Rehashing process in hashmap or hashtable

2019-01-17 05:06发布

问题:

How is the rehashing process done in a hashmap or hashtable when the size exceeds the maxthreshold value?

Are all pairs just copied to a new array of buckets?

EDIT:

What happen to the elements in the same bucket (in linked list) after rehashing? I mean will they remain in same bucket after rehashing?

回答1:

The maximum threshold in the question is called the load factor.

It is advisable to have a load factor of around 0.75. Load factor is defined as (m/n) where n is the total size of the hash table and m is the preferred number of entries which can be inserted before a increment in size of the underlying data structure is required.
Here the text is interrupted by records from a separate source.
(* Let $E$, $F$, $H_0$, $H_1$ be Hilbert spaces and let $L:E\to F$, $r_0:E\to H_0$, $r_1:E\to H_1$ be bounded linear maps such that $r_j\oplus L:E\to H_j\oplus F$ is an isomorphism for $j=0$ and for $j=1$. Let $Q:H_0\to H_1$ be the isomorphism $Q:=(r_1|_{\ker L})\circ(r_0|_{\ker L})^{-1}$ (note that $r_j$ restricts to an isomorphism $\ker(L)\to H_j$). Assume in addition that $r_0\oplus r_1:E\to H_0\oplus H_1$ is onto. Let $B_j\subset H_j$ ($j=0,1$) be closed linear subspaces and let $k\in\mathbb{Z}$. Then the following are equivalent: (i) The pair $(B_0,Q^{-1}B_1)$ is a Fredholm pair of index $k$ in $H_0$; (ii) The pair $(QB_0,B_1)$ is a Fredholm pair of index $k$ in $H_1$; (iii) The operator $(\pi_{B_0^\perp}\circ r_0)\oplus(\pi_{B_1^\perp}\circ r_1)\oplus L:E\to B_0^\perp\oplus B_1^\perp\oplus F$ is Fredholm of index $k$; (iv) The restriction $L:\ker(\pi_{B_0^\perp}\circ r_0)\cap\ker(\pi_{B_1^\perp}\circ r_1)\to F$ is a Fredholm operator of index $k$.
   Context: For a closed subspace $V$ of a Hilbert space $H$, $\pi_V:H\to V$ denotes the orthogonal projection onto $V$. A pair $(B,B')$ of closed linear subspaces of a Hilbert space $H$ is called a Fredholm pair if $B\cap B'$ is finite dimensional and $B+B'$ is closed and of finite codimension in $H$; its index is $\mathrm{ind}(B,B')=\dim(B\cap B')-\dim(H/(B+B'))$. *)

From HB Require Import structures.
From mathcomp Require Import all_boot all_order all_algebra.
From mathcomp Require Import all_classical all_reals all_analysis.
Set Implicit Arguments. Unset Strict Implicit. Unset Printing Implicit Defensive.
Import Order.TTheory GRing.Theory Num.Theory.
Import numFieldNormedType.Exports.
Local Open Scope classical_set_scope.
Local Open Scope ring_scope.

Section Hilbert.
Variable R : realType.

(* A Hilbert space is a complete normed space whose norm comes from an
   inner product.  [inner_product V] packages that inner product. *)
Record inner_product (V : normedModType R) := InnerProduct {
  ip : V -> V -> R;
  ip_sym : forall x y, ip x y = ip y x;
  ip_linear : forall a x y z, ip (a *: x + y) z = a * ip x z + ip y z;
  ip_norm : forall x, ip x x = `|x| ^+ 2 }.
Rehashing can be done in two cases:

  1. When the present m'/n ratio increases beyond the load factor

  2. M'/n ratio falls to a very low value say 0.1

In both the cases m' is the current number of entries. Also, both the cases demand the shifting of the present entries into a bigger or a smaller hash table.

In the question's context rehashing is the process of applying a hash function to the entries to move them to another hash table. It is possible to use the hash function which was used earlier or use a new function altogether.

Please note: Rehashing is also done when a collision occurs. (It's a way of handling collisions too.)

To add some more context and a detailed discussion please visit my blog Hashing Basics



回答2:

Rehashing of a hash map is done when the number of elements in the map reaches the maximum threshold value.

Usually the load factor value is 0.75 and the default initial capacity value is 16. Once the number of elements reaches or crosses 0.75 times the capacity, then rehashing of map takes place. In this case when the number of elements are 12, then rehashing occurs. (0.75 * 16 = 12)

When rehashing occurs a new hash function or even the same hash function could be used but the buckets at which the values are present could change. Basically when rehashing occurs the number of buckets are approximately doubled and hence the new index at which the value has to be put changes.

While rehashing, the linked list for each bucket gets reversed in order. This happens because HashMap doesn't append the new element at the tail instead it appends the new element at the head. So when rehashing occurs, it reads each element and inserts it in the new bucket at the head and then keeps on adding next elements from the old map at the head of the new map resulting in reversal of linked list.

If there are multiple threads handling the same hash map it could result in infinite loop.

Detailed explanation stating how infinite loop occurs in the above case can be found here : http://mailinator.blogspot.hu/2009/06/beautiful-race-condition.html

If the elements inserted in the map has to be sorted wrt the keys then TreeMap can be used. But HashMap would be more efficient if order of keys doesn't matter.



回答3:

Hashing – ReHashing and Race condition

Basically while creating a hash map collection assign it a default size (of 10). Later stage when elements are added in the map and after certain stage when you come close to your initial defined capacity there is requirement of ReHashing to retain the performance.

There is LoadFactor defined for the collection (said to be good as .75) and this specifies the good index for time and space.

  • LARGER load factor => lower space consumption but higher lookups
  • SMALLER Load factor => Larger space consumption compare to the required no of elements.

Java specification suggests that Good loadfactor value is .75

Hence Suppose you have maximum requirement to store 10 elements in hash then considering the Good Loadfactor .75 = Rehashing would occur after adding 7 elements in the collection. In case if your requirement in this case would not accede to 7 then Rehashing would never occur.

If there are really large no of elements going to be stored in the hashmap then it is always good to create HashMap with sufficient capacity; this is more efficient than letting it to perform automatic rehashing.

RACE condition : While doing the rehasing internal elements which are stored in a linked list for given bucket. They get reverse in the order. Suppose there are two threads encounter the race condition in same time then there are chances of second therad can go in infinite loop while traversal since the order has been changed.